The low quantity and inferior quality of the samples from Diomede Island may cast doubt on the validity of these results. Most of the samples from this site were collected from the museum specimen (possible effect on DNA quality), and the sampling period spanned about 40 years (possible effect of time on the population differentiation, reviewed in Balloux and Lugon-Moulin 2002). However, there are several lines of evidence suggesting that samples from Diomede Island yielded valid results. First, the samples from this site were successfully sequenced for the control region of mtDNA, 537 bp long, indicating sufficient quality of DNA. Also, the size of microsatellite alleles from Diomede Island fitted well within the overall range of all loci, and the number of unique alleles for that colony was rather low compared with the others, giving no indication of false alleles. Moreover, given the long life span of the little auk (at least 15 years, K. Wojczulanis-Jakubas unpublished data), and associated long generation time, the long period of sampling should not affect the frequency of alleles in the population. Nevertheless, further examination of the little auk population from Diomede Island would be recommended, especially given the interesting genetic differentiation found in the present study and the small size of the population (Day et al. 1988; Montevecchi and Stenhouse 2002).

Departure from HWE was found in all colonies but only in four cases was apparent in more than one locus (Isfjorden, Kongsfjorden and one colony from Magdalenefjorden on Svalbard, and Kap Hoegh on Greenland). Of these, linkage disequilibrium between two different pairs of loci was found for Isfjorden and Kongsfjorden colonies. Although deviations from HWE or distortion from linkage equilibrium might be a random effect associated with the sample size and/or level of marker polymorphism, these two features combined may indicate some population distortion. In general, the high levels of linkage disequilibrium and deviation from HWE in populations are associated with small effective population size, significant intrapopulation genetic structure, and occurrence of inbreeding (Li and Merilä 2010). Given the fact that the Isfjorden and Kongsfjorden colonies are among the smallest in the Svalbard area, it is possible that the observed deviations reflect ongoing demographic processes in these two populations.

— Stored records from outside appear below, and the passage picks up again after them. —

(* With eps = c* (e^a - 1) the integrand is exp (a R_1(T)), so it suffices to
   find a > 0 with E exp (a R_1(T)) < oo.  Only the balance
   X(T) = x0 + sum_j nu_j R_j(T) >= 0 is used, not the Poisson dynamics.
   If reaction 1 is unconsuming, (a) applies to it directly.  Otherwise
   y := x0 + sum_(j unconsuming) nu_j R_j(T) is nonnegative and the consuming
   counts lie in the feasible set R_y.  Feasible sets grow with y and scale
   linearly, so R_y is contained in (1 + sum_i y_i) R_(1,...,1) and (b) at
   y = (1,...,1) bounds R_1(T) by an affine function of the unconsuming
   counts.  Finally exp (a sum_j x_j) <= 1 + sum_j exp (a m x_j) for x >= 0,
   and the right-hand side is integrable for small a by (a). *)

Lemma ler_sum_mul_sum (R : numDomainType) (I : finType) (p : pred I) (a x : I -> R) :
  (forall i, p i -> 0 <= a i) -> (forall i, p i -> 0 <= x i) ->
  \sum_(i | p i) a i * x i <= (\sum_(i | p i) a i) * \sum_(i | p i) x i.
Proof.
move=> a0 x0; rewrite mulr_sumr; apply: ler_sum => i pi.
apply: ler_wpM2r; first exact: x0.
by rewrite (bigD1 i) //= lerDl sumr_ge0 // => k /andP[pk _]; exact: a0.
Qed.

Section ExponentialBounds.
Variable R : realType.

Lemma expR_sum_le (m : nat) (p : pred 'I_m) (x : 'I_m -> R) :
  (forall j, 0 <= x j) ->
  expR (\sum_(j < m | p j) x j) <= 1 + \sum_(j < m | p j) expR (m%:R * x j).
Proof.
move=> x0.
have [[j pj]|np] := pselect (exists j, p j); last first.
  rewrite big_pred0 => [|j]; last by apply/negP => pj; apply: np; exists j.
  by rewrite expR0 lerDl sumr_ge0 // => i _; exact: expR_ge0.
have [j0 pj0 j0max] := @eq_bigmax _ _ _ 0 j p x pj (fun i _ => x0 i).
set M := \big[Order.max/0]_(j | p j) x j in j0max.
have sum_le : \sum_(j < m | p j) x j <= m%:R * M.
  apply: (@le_trans _ _ (\sum_(j < m) M)); last by rewrite sumr_const card_ord mulr_natl.
  rewrite [leRHS](bigID p) /= -[leLHS]addr0 lerD ?sumr_ge0 ?bigmax_ge_id //.
  by apply: ler_sum => i pi; exact: le_bigmax_cond.
apply: (@le_trans _ _ (expR (m%:R * x j0))); first by rewrite -j0max ler_expR.
rewrite ler_wpDl // (bigD1 j0) //= lerDl sumr_ge0 // => i _; exact: expR_ge0.
Qed.

Lemma expR_linear_bound (m : nat) (p : pred 'I_m) (x : 'I_m -> R) (y A D a e : R) :
  (forall j, 0 <= x j) -> 0 <= a -> 0 <= D -> a * D * m%:R <= e ->
  y <= A + D * \sum_(j < m | p j) x j ->
  expR (a * y) <= expR (a * A) * (1 + \sum_(j < m | p j) expR (e * x j)).
Proof.
move=> x0 a0 D0 aDe yle.
apply: (@le_trans _ _ (expR (a * A + \sum_(j < m | p j) (a * D) * x j))).
  by rewrite ler_expR -mulr_sumr -mulrA -mulrDr ler_wpM2l.
rewrite expRD ler_wpM2l ?expR_ge0 //.
have aDx0 j : 0 <= a * D * x j by rewrite !mulr_ge0.
apply: le_trans (@expR_sum_le m p _ aDx0) _.
rewrite lerD2l; apply: ler_sum => j _; rewrite ler_expR mulrA.
by rewrite ler_wpM2r // mulrC.
Qed.

End ExponentialBounds.

Section ExponentialMoments.
Context {d} {Omega : measurableType d} {R : realType} (P : probability Omega R).

Definition finite_exp_moment (e : R) (f : Omega -> R) : Prop :=
  (\int[P]_w (expR (e * f w))%:E < +oo)%E.

Lemma measurable_expRM (e : R) (f : Omega -> R) :
  measurable_fun setT f -> measurable_fun setT (fun w => expR (e * f w)).
Proof.
move=> mf; apply: measurableT_comp; first exact: measurable_realfun.measurable_expR.
exact: measurable_realfun.measurable_funM.
Qed.

Lemma finite_exp_moment_le (e e' : R) (f : Omega -> R) :
  measurable_fun setT f -> (forall w, 0 <= f w) -> e <= e' ->
  finite_exp_moment e' f -> finite_exp_moment e f.
Proof.
move=> mf f0 ee' fin; apply: le_lt_trans fin; apply: ge0_le_integral => //.
- by apply/measurable_realfun.measurable_EFinP; exact: measurable_expRM.
- by apply/measurable_realfun.measurable_EFinP; exact: measurable_expRM.
by move=> w _; rewrite lee_fin ler_expR ler_wpM2r.
Qed.

Lemma finite_exp_moment_integrable (e : R) (f : Omega -> R) :
  measurable_fun setT f -> finite_exp_moment e f ->
  P.-integrable setT (fun w => (expR (e * f w))%:E).
Proof.
move=> mf fin; apply/integrableP; split.
  by apply/measurable_realfun.measurable_EFinP; exact: measurable_expRM.
rewrite (eq_integral (fun w => (expR (e * f w))%:E)) // => w _.
by rewrite gee0_abs // lee_fin expR_ge0.
Qed.

Lemma finite_exp_moment_uniform {m : nat} {p : pred 'I_m} {f : 'I_m -> Omega -> R} :
  (forall j, measurable_fun setT (f j)) -> (forall j w, 0 <= f j w) ->
  (forall j, p j -> exists2 e, 0 < e & finite_exp_moment e (f j)) ->
  exists2 e, 0 < e & forall j, p j -> finite_exp_moment e (f j).
Proof.
move=> mf f0 fin.
have /choice[e He] : forall j, exists e : R,
    0 < e /\ (p j -> finite_exp_moment e (f j)).
  move=> j; have [pj|npj] := boolP (p j); last by exists 1.
  by have [e e0 fe] := fin j pj; exists e.
exists (\big[Order.min/1]_(j < m) e j).
  by apply: lt_bigmin => // j _; case: (He j).
move=> j pj; apply: (@finite_exp_moment_le _ _ _ (mf j) (f0 j) _ ((He j).2 pj)).
exact: bigmin_le.
Qed.

Lemma finite_exp_moment_linear_bound {m : nat} {p : pred 'I_m}
    {f : 'I_m -> Omega -> R} {j1 : 'I_m} {A D e : R} :
  (forall j, measurable_fun setT (f j)) -> (forall j w, 0 <= f j w) ->
  0 <= D -> 0 < e -> (forall j, p j -> finite_exp_moment e (f j)) ->
  {ae P, forall w, f j1 w <= A + D * \sum_(j < m | p j) f j w} ->
  exists2 a, 0 < a & finite_exp_moment a (f j1).
Proof.
move=> mf f0 D0 e0 fin bound.
have Dm0 : 0 < 1 + D * m%:R by rewrite ltr_wpDr // mulr_ge0.
pose a := e / (1 + D * m%:R).
have a0 : 0 < a by rewrite divr_gt0.
have aDe : a * D * m%:R <= e.
  rewrite -mulrA -[leRHS](@divfK _ (1 + D * m%:R)) ?gt_eqF //.
  by rewrite ler_wpM2l ?(ltW a0) // lerDr.
pose g w := ((expR (a * A))%:E * (1%:E + \sum_(j < m | p j) (expR (e * f j w))%:E))%E.
have g_int : P.-integrable setT g.
  apply: (integrableZl measurableT); apply: (integrableD measurableT).
    exact: finite_measure_integrable_cst.
  apply: (integrable_sum measurableT) => j pj.
  exact: (@finite_exp_moment_integrable _ _ (mf j) (fin j pj)).
exists a => //; apply: le_lt_trans (integrable_lty measurableT g_int).
apply: ae_ge0_le_integral => //.
- by apply/measurable_realfun.measurable_EFinP; exact: measurable_expRM.
- move=> w _; rewrite /g sumEFin -EFinD -EFinM lee_fin mulr_ge0 ?expR_ge0 //.
  by rewrite addr_ge0 // sumr_ge0 // => j _; rewrite expR_ge0.
- by case/integrableP: g_int.
apply: filterS bound => w bound_w _.
rewrite /g sumEFin -EFinD -EFinM lee_fin.
exact: (@expR_linear_bound _ m p (f^~ w) _ A D a e (f0^~ w) (ltW a0) D0 aDe).
Qed.

End ExponentialMoments.

Section FeasibleCone.
Context {R : realFieldType} {n m : nat} {nu : 'I_m -> 'I_n -> int}.
Context {C : pred 'I_m} {j1 : 'I_m} {M : R}.
Hypothesis M0 : 0 <= M.
Hypothesis bounded_at_one : forall xi : 'I_m -> R,
  (forall j, C j -> 0 <= xi j) ->
  (forall i, 0 <= 1 + \sum_(j < m | C j) (nu j i)%:~R * xi j) ->
  xi j1 <= M.

Lemma feasible_coord_le_scaled (y : 'I_n -> R) (xi : 'I_m -> R) :
  (forall i, 0 <= y i) -> (forall j, C j -> 0 <= xi j) ->
  (forall i, 0 <= y i + \sum_(j < m | C j) (nu j i)%:~R * xi j) ->
  xi j1 <= M * (1 + \sum_(i < n) y i).
Proof.
move=> y0 xi0 feasible.
set s := 1 + \sum_(i < n) y i.
have s0 : 0 < s by rewrite ltr_wpDr // sumr_ge0.
have ys i : y i <= s.
  by rewrite /s (bigD1 i) //= addrCA lerDl addr_ge0 // sumr_ge0.
rewrite -ler_pdivrMr //.
apply: (bounded_at_one (fun j => xi j / s)) => [j Cj|i].
  by rewrite divr_ge0 ?xi0 ?ltW.
under eq_bigr do rewrite mulrA.
rewrite -mulr_suml -[X in X + _](divff (lt0r_neq0 s0)) -mulrDl.
apply: divr_ge0; last exact: ltW.
by apply: le_trans (feasible i) _; rewrite lerD2r.
Qed.

Lemma feasible_coord_le_linear (x0 : 'I_n -> R) (r : 'I_m -> R) :
  (forall j i, ~~ C j -> 0 <= (nu j i)%:~R :> R) ->
  (forall i, 0 <= x0 i) -> (forall j, 0 <= r j) ->
  (forall i, 0 <= x0 i + \sum_(j < m) (nu j i)%:~R * r j) ->
  r j1 <= M * (1 + \sum_(i < n) x0 i) +
          M * (\sum_(j < m | ~~ C j) \sum_(i < n) (nu j i)%:~R) *
            \sum_(j < m | ~~ C j) r j.
Proof.
move=> nuU x00 r0 X0.
pose y i := x0 i + \sum_(j < m | ~~ C j) (nu j i)%:~R * r j.
have y0 i : 0 <= y i.
  by rewrite addr_ge0 // sumr_ge0 // => j Uj; rewrite mulr_ge0 ?nuU.
apply: le_trans (@feasible_coord_le_scaled y r y0 (fun j _ => r0 j) _) _.
  by move=> i; have := X0 i; rewrite (bigID C) /= addrA /y addrAC.
rewrite -mulrA -mulrDr ler_wpM2l //.
rewrite /y big_split /= addrA lerD2l exchange_big /=.
under eq_bigr do rewrite -mulr_suml.
by apply: ler_sum_mul_sum => j Uj; [apply: sumr_ge0 => i _; exact: nuU|exact: r0].
Qed.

There was no indication of a segregation of mtDNA haplotypes according to the two described subspecies of little auks, despite their apparent morphological differences (Stempniewicz et al. 1996; Wojczulanis-Jakubas et al. 2011). This may be due to recent divergence of the two subspecies and/or high degree of current gene flow between them. Whether the morphological differences have a genetic basis and are sufficient to merit subspecific status cannot be assessed with our data. Clearly, there is a need for a more comprehensive molecular analysis to further explore the validity of little auk subspecies.